Begin at the line below that has "Lemma kernel_term_le p" and stop after the line that has "4 * wt (4 * s - 1) q * (/". Please restate only those lines, word for word.
*** Given data ***
(* Split according to whether [p] or [p + q] is comparable to [q]. *)
Lemma kernel_term_le p q : (Z.abs p <= Z.abs q)%Z ->
  wt (4 * s - 1) (p + q) / (r p * r q) <=
  4 * wt (4 * s - 1) q * wt (- (2 * s)) q * wt (- (2 * s)) p +
  4 * wt (- (4 * s)) q * wt (4 * s - 1) (p + q).
Proof.
  intros Hpq. unfold r. rewrite !wt_opp.
  assert (Hq4 : wt (4 * s) q = wt (2 * s) q * wt (2 * s) q) by (rewrite <- wt_plus; f_equal; ring).
  rewrite Hq4.
  pose proof (wt_pos (2 * s) p). pose proof (wt_pos (2 * s) q).
  pose proof (wt_pos (4 * s - 1) q). pose proof (wt_pos (4 * s - 1) (p + q)).
  assert (Hσ1 : Rabs (4 * s - 1) <= 2) by (apply Rabs_le; lra).
  assert (Hσ2 : Rabs (- (2 * s)) <= 2) by (apply Rabs_le; lra).
  destruct (Z.le_gt_cases (2 * Z.abs p) (Z.abs q)).
  - assert (wt (4 * s - 1) (p + q) <= 4 * wt (4 * s - 1) q)
      by (apply wt_comparable_twice; auto; lia).
    assert (0 < / wt (2 * s) p) by (apply Rinv_0_lt_compat; lra).
    assert (0 < / wt (2 * s) q) by (apply Rinv_0_lt_compat; lra).
    assert (0 <= 4 * / (wt (2 * s) q * wt (2 * s) q) * wt (4 * s - 1) (p + q))
      by (apply Rmult_le_pos; [apply Rmult_le_pos|]; [lra | apply Rlt_le, Rinv_0_lt_compat; nra | lra]).
    assert (wt (4 * s - 1) (p + q) * (/ wt (2 * s) p * / wt (2 * s) q) <=
            4 * wt (4 * s - 1) q * (/ wt (2 * s) p * / wt (2 * s) q))
      by (apply Rmult_le_compat_r; nra).
    unfold Rdiv. rewrite Rinv_mult. lra.
  - assert (Hcmp : wt (- (2 * s)) p <= 4 * wt (- (2 * s)) q)
      by (apply wt_comparable_twice; auto; lia).
    rewrite !wt_opp in Hcmp.
    assert (0 < / wt (2 * s) p) by (apply Rinv_0_lt_compat; lra).
    assert (0 < / wt (2 * s) q) by (apply Rinv_0_lt_compat; lra).
    assert (0 <= 4 * wt (4 * s - 1) q * / wt (2 * s) q * / wt (2 * s) p)
      by (repeat apply Rmult_le_pos; lra).
    assert (wt (4 * s - 1) (p + q) * / wt (2 * s) q * / wt (2 * s) p <=
            wt (4 * s - 1) (p + q) * / wt (2 * s) q * (4 * / wt (2 * s) q))
      by (apply Rmult_le_compat_l; [apply Rmult_le_pos|]; lra).
    unfold Rdiv. rewrite !Rinv_mult. lra.
Qed.

Lemma sum_low_frequency_bounded : exists M, 0 < M /\ forall K q,
  sumZ_R K (fun p => wt (4 * s - 1) (p + q) * ind_le (Z.abs p) (Z.abs q) / (r p * r q)) <= M.
Proof.
  destruct (sum_wt_shift_cutoff_le (- (2 * s)) ltac:(lra)) as [C1 [HC1 H1]].
  destruct (sum_wt_shift_cutoff_le (4 * s - 1) ltac:(lra)) as [C2 [HC2 H2]].
  exists (4 * C1 + 4 * C2). split; [lra|]. intros K q.
  set (A := 4 * wt (4 * s - 1) q * wt (- (2 * s)) q).
  set (B := 4 * wt (- (4 * s)) q).
  apply Rle_trans with (sumZ_R K (fun p =>
    A * (wt (- (2 * s)) (p + 0) * ind_le (Z.abs p) (Z.abs q)) +
    B * (wt (4 * s - 1) (p + q) * ind_le (Z.abs p) (Z.abs q)))).
  { apply sumZ_R_le. intros p _. rewrite Z.add_0_r. unfold ind_le, Defs.ind, A, B.
    destruct (Z.leb_spec (Z.abs p) (Z.abs q)).
    - pose proof (kernel_term_le p q H). unfold Rdiv in *. lra.
    - unfold Rdiv. lra. }
  rewrite sumZ_R_plus, !sumZ_R_scal.
  assert (E1 : A * wt (1 + - (2 * s)) q = 4).
  { unfold A. rewrite !Rmult_assoc, <- !wt_plus.
    replace (4 * s - 1 + (- (2 * s) + (1 + - (2 * s)))) with 0 by ring. rewrite wt_0. ring. }
  assert (E2 : B * wt (1 + (4 * s - 1)) q = 4).
  { unfold B. rewrite Rmult_assoc, <- wt_plus.
    replace (- (4 * s) + (1 + (4 * s - 1))) with 0 by ring. rewrite wt_0. ring. }
  assert (0 < A)
    by (unfold A; pose proof (wt_pos (4 * s - 1) q); pose proof (wt_pos (- (2 * s)) q); nra).
  assert (0 < B) by (unfold B; pose proof (wt_pos (- (4 * s)) q); lra).
  apply Rplus_le_compat.
  - eapply Rle_trans; [apply Rmult_le_compat_l; [lra | apply H1; lia]|].
    rewrite Rmult_comm, Rmult_assoc, (Rmult_comm _ A), E1. lra.
  - eapply Rle_trans; [apply Rmult_le_compat_l; [lra | apply H2; lia]|].
    rewrite Rmult_comm, Rmult_assoc, (Rmult_comm _ B), E2. lra.
Qed.

Definition kernel_bounded (M0 : R) : Prop := forall K1 K2 q,
  sumZ_R K1 (fun a => sumZ_R K2 (fun p =>
     wt (4 * s - 1) (a + p + q) * ind_le (Z.abs p) (Z.abs q) /
       ((1 + IZR a ^ 2) * r a * r p * r q))) <= M0.

Lemma kernel_bound : exists M0, 0 < M0 /\ kernel_bounded M0.
Proof.
  destruct (sum_wt_bounded (1 + 2 * s) ltac:(lra)) as [C1 [HC1 H1]].
  destruct sum_low_frequency_bounded as [M [HM HJ]].
  exists (2 * C1 * M). split; [nra|]. intros K1 K2 q.
  set (j := fun p => wt (4 * s - 1) (p + q) * ind_le (Z.abs p) (Z.abs q) / (r p * r q)).
  apply Rle_trans with (sumZ_R K1 (fun a => 2 * wt (- (1 + 2 * s)) a * sumZ_R K2 j)).
  { apply sumZ_R_le. intros a _. rewrite <- sumZ_R_scal. apply sumZ_R_le. intros p _. unfold j, r.
    pose proof (wt_pos (2 * s) a). pose proof (wt_pos (2 * s) p). pose proof (wt_pos (2 * s) q).
    pose proof (jbr_pos a). pose proof (ind_le_bounds (Z.abs p) (Z.abs q)).
    assert (Hp : wt (4 * s - 1) (a + p + q) <= 2 * wt (4 * s - 1) (p + q) * jbr a).
    { replace (a + p + q)%Z with ((p + q) + a)%Z by ring.
      apply wt_add_le_jbr. apply Rabs_le; lra. }
    rewrite <- jbr_sq, wt_opp, wt_plus, wt_1.
    set (W := wt (4 * s - 1) (p + q)) in *. set (I := ind_le (Z.abs p) (Z.abs q)) in *.
    set (J := jbr a) in *.
    replace (2 * / (J * wt (2 * s) a) * (W * I / (wt (2 * s) p * wt (2 * s) q))) with
      ((2 * W * J) * I / (J ^ 2 * wt (2 * s) a * wt (2 * s) p * wt (2 * s) q)) by (field; lra).
    unfold Rdiv. apply Rmult_le_compat_r;
      [apply Rlt_le, Rinv_0_lt_compat; repeat apply Rmult_lt_0_compat; nra|].
    apply Rmult_le_compat_r; lra. }
  rewrite (sumZ_R_ext _ _ (fun a => (2 * sumZ_R K2 j) * wt (- (1 + 2 * s)) a)) by (intros; ring).
  rewrite sumZ_R_scal.
  assert (0 <= sumZ_R K2 j).
  { apply sumZ_R_nonneg. intros p. unfold j, r.
    pose proof (wt_pos (2 * s) p). pose proof (wt_pos (2 * s) q).
    pose proof (wt_pos (4 * s - 1) (p + q)).
    pose proof (ind_le_bounds (Z.abs p) (Z.abs q)).
    apply Rmult_le_pos; [nra | apply Rlt_le, Rinv_0_lt_compat; nra]. }
  pose proof (HJ K2 q). fold j in H0. pose proof (H1 K1).
  assert (0 <= sumZ_R K1 (wt (- (1 + 2 * s)))) by (apply sumZ_R_nonneg; intros; apply Rlt_le, wt_pos).
  apply Rle_trans with (2 * M * C1); [apply Rmult_le_compat; lra | lra].
Qed.

End Kernel.

(** * The trilinear estimate *)

Lemma sumZ_R_reflect_shift_le K K2 d f : (forall n, 0 <= f n) ->
  (Z.of_nat K + Z.abs d <= Z.of_nat K2)%Z ->
  sumZ_R K (fun n => f (d - n)%Z) <= sumZ_R K2 f.
Proof.
  intros Hf H. rewrite <- (sumZ_R_opp K (fun n => f (d - n)%Z)).
  rewrite (sumZ_R_ext _ _ (fun n => f (n + d)%Z)) by (intros; f_equal; ring).
  now apply sumZ_R_shift_le.
Qed.

Lemma sumZ_R_swap3 K K' F :
  sumZ_R K (fun n => sumZ_R K' (fun a => sumZ_R K' (fun c => F n a c))) =
  sumZ_R K' (fun a => sumZ_R K' (fun c => sumZ_R K (fun n => F n a c))).
Proof. rewrite sumZ_R_swap. apply sumZ_R_ext. intros a _. apply sumZ_R_swap. Qed.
*** End of Given data ***
■ Task answer ■
Lemma kernel_term_le p q : (Z.abs p <= Z.abs q)%Z ->
  wt (4 * s - 1) (p + q) / (r p * r q) <=
  4 * wt (4 * s - 1) q * wt (- (2 * s)) q * wt (- (2 * s)) p +
  4 * wt (- (4 * s)) q * wt (4 * s - 1) (p + q).
Proof.
  intros Hpq. unfold r. rewrite !wt_opp.
  assert (Hq4 : wt (4 * s) q = wt (2 * s) q * wt (2 * s) q) by (rewrite <- wt_plus; f_equal; ring).
  rewrite Hq4.
  pose proof (wt_pos (2 * s) p). pose proof (wt_pos (2 * s) q).
  pose proof (wt_pos (4 * s - 1) q). pose proof (wt_pos (4 * s - 1) (p + q)).
  assert (Hσ1 : Rabs (4 * s - 1) <= 2) by (apply Rabs_le; lra).
  assert (Hσ2 : Rabs (- (2 * s)) <= 2) by (apply Rabs_le; lra).
  destruct (Z.le_gt_cases (2 * Z.abs p) (Z.abs q)).
  - assert (wt (4 * s - 1) (p + q) <= 4 * wt (4 * s - 1) q)
      by (apply wt_comparable_twice; auto; lia).
    assert (0 < / wt (2 * s) p) by (apply Rinv_0_lt_compat; lra).
    assert (0 < / wt (2 * s) q) by (apply Rinv_0_lt_compat; lra).
    assert (0 <= 4 * / (wt (2 * s) q * wt (2 * s) q) * wt (4 * s - 1) (p + q))
      by (apply Rmult_le_pos; [apply Rmult_le_pos|]; [lra | apply Rlt_le, Rinv_0_lt_compat; nra | lra]).
    assert (wt (4 * s - 1) (p + q) * (/ wt (2 * s) p * / wt (2 * s) q) <=
            4 * wt (4 * s - 1) q * (/ wt (2 * s) p * / wt (2 * s) q))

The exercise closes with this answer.